(* Let $m\ge2$ be an integer, $\theta=1-1/m$, $\theta<\mu<1$, and let $Z$ be distributed as $\theta-B$ where $B$ is Bernoulli with mean $\mu$. Let $\gamma>0$ be the Lundberg coefficient of $Z$, i.e. the positive solution of $\mathbb{E}[\exp(\gamma Z)]=1$. Then $$\frac{m}{m-1}\log\Bigl(\frac{\mu}{(1-\mu)(m-1)}\Bigr)\le\gamma\le\frac{2m}{m-1}\log\Bigl(\frac{\mu}{(1-\mu)(m-1)}\Bigr).$$ *)

From Stdlib Require Import Reals.
Open Scope R_scope.

(* Moment generating function E[exp(g Z)] of Z = theta - B, B ~ Bernoulli(mu):
   Z = theta with probability 1 - mu, Z = theta - 1 with probability mu. *)
Definition mgf_theta_minus_bernoulli (theta mu g : R) : R :=
  (1 - mu) * exp (g * theta) + mu * exp (g * (theta - 1)).

(** With [m = n + 1] and [u = gamma / m], multiplying the Lundberg equation
    [(1 - mu) e^(n u) + mu e^(-u) = 1] by [e^u] and dividing by [e^u - 1]
    turns it into [e^u + e^(2u) + ... + e^(n u) = mu / (1 - mu)].  Hence
    [mu / ((1 - mu) (m - 1))] is the arithmetic mean of the [e^(k u)],
    [1 <= k <= n]: it is at most the largest term [e^(n u)], and by convexity
    of [exp] at least [e^((n + 1) u / 2) = e^(gamma / 2)].  Taking logarithms
    gives [gamma / 2 <= ln (mu / ((1 - mu) (m - 1))) <= (m - 1) gamma / m]. *)
From Stdlib Require Import Reals Lra Lia.
Open Scope R_scope.

Lemma le_ln_of_exp_le a b : exp a <= b -> a <= ln b.
Proof.
  intros Hab.
  apply Rnot_lt_le; intros Hlt.
  apply exp_increasing in Hlt.
  rewrite exp_ln in Hlt by (pose proof (exp_pos a); lra).
  lra.
Qed.

Lemma ln_le_of_le_exp a b : 0 < a -> a <= exp b -> ln a <= b.
Proof.
  intros Ha Hab.
  apply Rnot_lt_le; intros Hlt.
  apply exp_increasing in Hlt.
  rewrite exp_ln in Hlt by exact Ha.
  lra.
Qed.

Lemma exp_le_exp_of_le x y : x <= y -> exp x <= exp y.
Proof.
  intros [Hlt | ->]; [now left; apply exp_increasing | apply Rle_refl].
Qed.

Fixpoint exp_sum (u : R) (n : nat) : R :=
  match n with
  | O => 0
  | S k => exp_sum u k + exp (INR (S k) * u)
  end.

Lemma exp_sum_geometric u n :
  (exp u - 1) * (1 + exp_sum u n) = exp (INR (S n) * u) - 1.
Proof.
  induction n as [|n IH]; cbn [exp_sum].
  - simpl INR; rewrite Rmult_1_l; ring.
  - replace (INR (S (S n)) * u) with (u + INR (S n) * u)
      by (rewrite (S_INR (S n)); ring).
    rewrite exp_plus.
    replace ((exp u - 1) * (1 + (exp_sum u n + exp (INR (S n) * u))))
      with ((exp u - 1) * (1 + exp_sum u n) + (exp u - 1) * exp (INR (S n) * u))
      by ring.
    rewrite IH; ring.
Qed.

Lemma exp_sum_le_max u n : 0 <= u -> exp_sum u n <= INR n * exp (INR n * u).
Proof.
  intros Hu; induction n as [|n IH]; cbn [exp_sum].
  - simpl; lra.
  - assert (Hmono : exp (INR n * u) <= exp (INR (S n) * u)).
    { apply exp_le_exp_of_le; rewrite S_INR; nra. }
    pose proof (pos_INR n).
    rewrite S_INR in *; nra.
Qed.

(** Sum of the tangent-line bounds [e^c (1 + x - c) <= e^x] at [x = k u]. *)
Lemma exp_sum_ge_tangent u c n :
  exp c * (INR n + u * INR n * (INR n + 1) / 2 - INR n * c) <= exp_sum u n.
Proof.
  induction n as [|n IH]; cbn [exp_sum].
  - simpl; lra.
  - assert (Htangent : exp c * (1 + (INR (S n) * u - c)) <= exp (INR (S n) * u)).
    { replace (exp (INR (S n) * u)) with (exp c * exp (INR (S n) * u - c))
        by (rewrite <- exp_plus; f_equal; ring).
      apply Rmult_le_compat_l; [left; apply exp_pos | apply exp_ineq1_le]. }
    rewrite S_INR in *; nra.
Qed.

Lemma exp_sum_ge_mean u n : INR n * exp (INR (S n) * u / 2) <= exp_sum u n.
Proof.
  pose proof (exp_sum_ge_tangent u (INR (S n) * u / 2) n) as Hsum.
  rewrite S_INR in *.
  replace (INR n + u * INR n * (INR n + 1) / 2 - INR n * ((INR n + 1) * u / 2))
    with (INR n) in Hsum by field.
  lra.
Qed.

Lemma ln_exp_sum_mean_bounds u n :
  0 <= u -> (0 < n)%nat ->
  INR (S n) * u / 2 <= ln (exp_sum u n / INR n) <= INR n * u.
Proof.
  intros Hu Hn.
  apply lt_0_INR in Hn.
  pose proof (exp_sum_ge_mean u n) as Hge.
  pose proof (exp_pos (INR (S n) * u / 2)).
  split.
  - apply le_ln_of_exp_le.
    apply (Rmult_le_reg_r (INR n)); [exact Hn|].
    unfold Rdiv at 2; rewrite Rmult_assoc, Rinv_l by lra; lra.
  - apply ln_le_of_le_exp.
    + apply Rdiv_lt_0_compat; nra.
    + pose proof (exp_sum_le_max u n Hu).
      apply (Rmult_le_reg_r (INR n)); [exact Hn|].
      unfold Rdiv; rewrite Rmult_assoc, Rinv_l by lra; lra.
Qed.

Lemma lundberg_eq_exp_sum n mu g :
  g <> 0 -> mu < 1 ->
  mgf_theta_minus_bernoulli (1 - 1 / INR (S n)) mu g = 1 ->
  exp_sum (g / INR (S n)) n = mu / (1 - mu).
Proof.
  intros Hg Hmu Heq.
  pose proof (lt_0_INR (S n) ltac:(lia)) as Hm.
  set (u := g / INR (S n)).
  assert (Hgu : g = INR (S n) * u) by (unfold u; field; lra).
  assert (Hu1 : exp u - 1 <> 0).
  { intros Hexp; apply Hg.
    assert (Hu0 : u = 0) by (apply exp_inv; rewrite exp_0; lra).
    rewrite Hgu, Hu0; ring. }
  assert (Hshift : (1 - mu) * exp (INR (S n) * u) + mu = exp u).
  { unfold mgf_theta_minus_bernoulli in Heq.
    replace (g * (1 - 1 / INR (S n))) with (INR (S n) * u + - u) in Heq
      by (rewrite Hgu; field; lra).
    replace (g * (1 - 1 / INR (S n) - 1)) with (- u) in Heq
      by (rewrite Hgu; field; lra).
    rewrite exp_plus, exp_Ropp in Heq.
    pose proof (exp_pos u).
    transitivity (exp u * ((1 - mu) * (exp (INR (S n) * u) * / exp u) + mu * / exp u)).
    - field; lra.
    - rewrite Heq; ring. }
  assert (Hsum : (1 - mu) * (1 + exp_sum u n) = 1).
  { apply (Rmult_eq_reg_l (exp u - 1)); [|exact Hu1].
    rewrite <- Rmult_assoc, (Rmult_comm _ (1 - mu)), Rmult_assoc,
      exp_sum_geometric.
    lra. }
  apply (Rmult_eq_reg_l (1 - mu)); [|lra].
  field_simplify; lra.
Qed.

Theorem lemma5 (m : nat) (mu gamma : R) :
  (2 <= m)%nat ->
  1 - 1 / INR m < mu -> mu < 1 ->
  0 < gamma ->
  mgf_theta_minus_bernoulli (1 - 1 / INR m) mu gamma = 1 ->
  INR m / (INR m - 1) * ln (mu / ((1 - mu) * (INR m - 1))) <= gamma /\
  gamma <= 2 * INR m / (INR m - 1) * ln (mu / ((1 - mu) * (INR m - 1))).
Proof.
  (* [theta < mu] only ensures that a positive root [gamma] exists. *)
  intros Hm _ Hmu Hg Heq.
  destruct m as [|n]; [lia|].
  pose proof (le_INR 1 n ltac:(lia)) as Hn; simpl INR in Hn at 1.
  pose proof (lundberg_eq_exp_sum n mu gamma ltac:(lra) Hmu Heq) as Hsum.
  set (u := gamma / INR (S n)) in Hsum.
  assert (Hmean : mu / ((1 - mu) * (INR (S n) - 1)) = exp_sum u n / INR n).
  { rewrite Hsum, S_INR; field; lra. }
  pose proof (ln_exp_sum_mean_bounds u n) as Hbounds.
  rewrite <- Hmean in Hbounds.
  unfold u in Hbounds; rewrite S_INR in *.
  set (L := ln (mu / ((1 - mu) * (INR n + 1 - 1)))) in *.
  replace ((INR n + 1) * (gamma / (INR n + 1)) / 2) with (gamma / 2)
    in Hbounds by (field; lra).
  destruct Hbounds as [Hlow Hup]; [left; apply Rdiv_lt_0_compat; lra | lia |].
  replace (INR n + 1 - 1) with (INR n) by ring.
  split.
  - replace gamma with ((INR n + 1) / INR n * (INR n * (gamma / (INR n + 1))))
      by (field; lra).
    apply Rmult_le_compat_l; [left; apply Rdiv_lt_0_compat|]; lra.
  - replace (2 * (INR n + 1) / INR n * L) with (2 * L + 2 * (L / INR n))
      by (field; lra).
    assert (0 <= L / INR n) by (left; apply Rdiv_lt_0_compat; lra).
    lra.
Qed.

────────

**Your task**. Copy out the lines from the line containing "set (L := ln" to the end of the listing above, without alteration.

**Written response**.
  set (L := ln (mu / ((1 - mu) * (INR n + 1 - 1)))) in *.
  replace ((INR n + 1) * (gamma / (INR n + 1)) / 2) with (gamma / 2)
    in Hbounds by (field; lra).
  destruct Hbounds as [Hlow Hup]; [left; apply Rdiv_lt_0_compat; lra | lia |].
  replace (INR n + 1 - 1) with (INR n) by ring.
  split.
  - replace gamma with ((INR n + 1) / INR n * (INR n * (gamma / (INR n + 1))))
      by (field; lra).
    apply Rmult_le_compat_l; [left; apply Rdiv_lt_0_compat|]; lra.
  - replace (2 * (INR n + 1) / INR n * L) with (2 * L + 2 * (L / INR n))
      by (field; lra).
    assert (0 <= L / INR n) by (left; apply Rdiv_lt_0_compat; lra).
    lra.
Qed.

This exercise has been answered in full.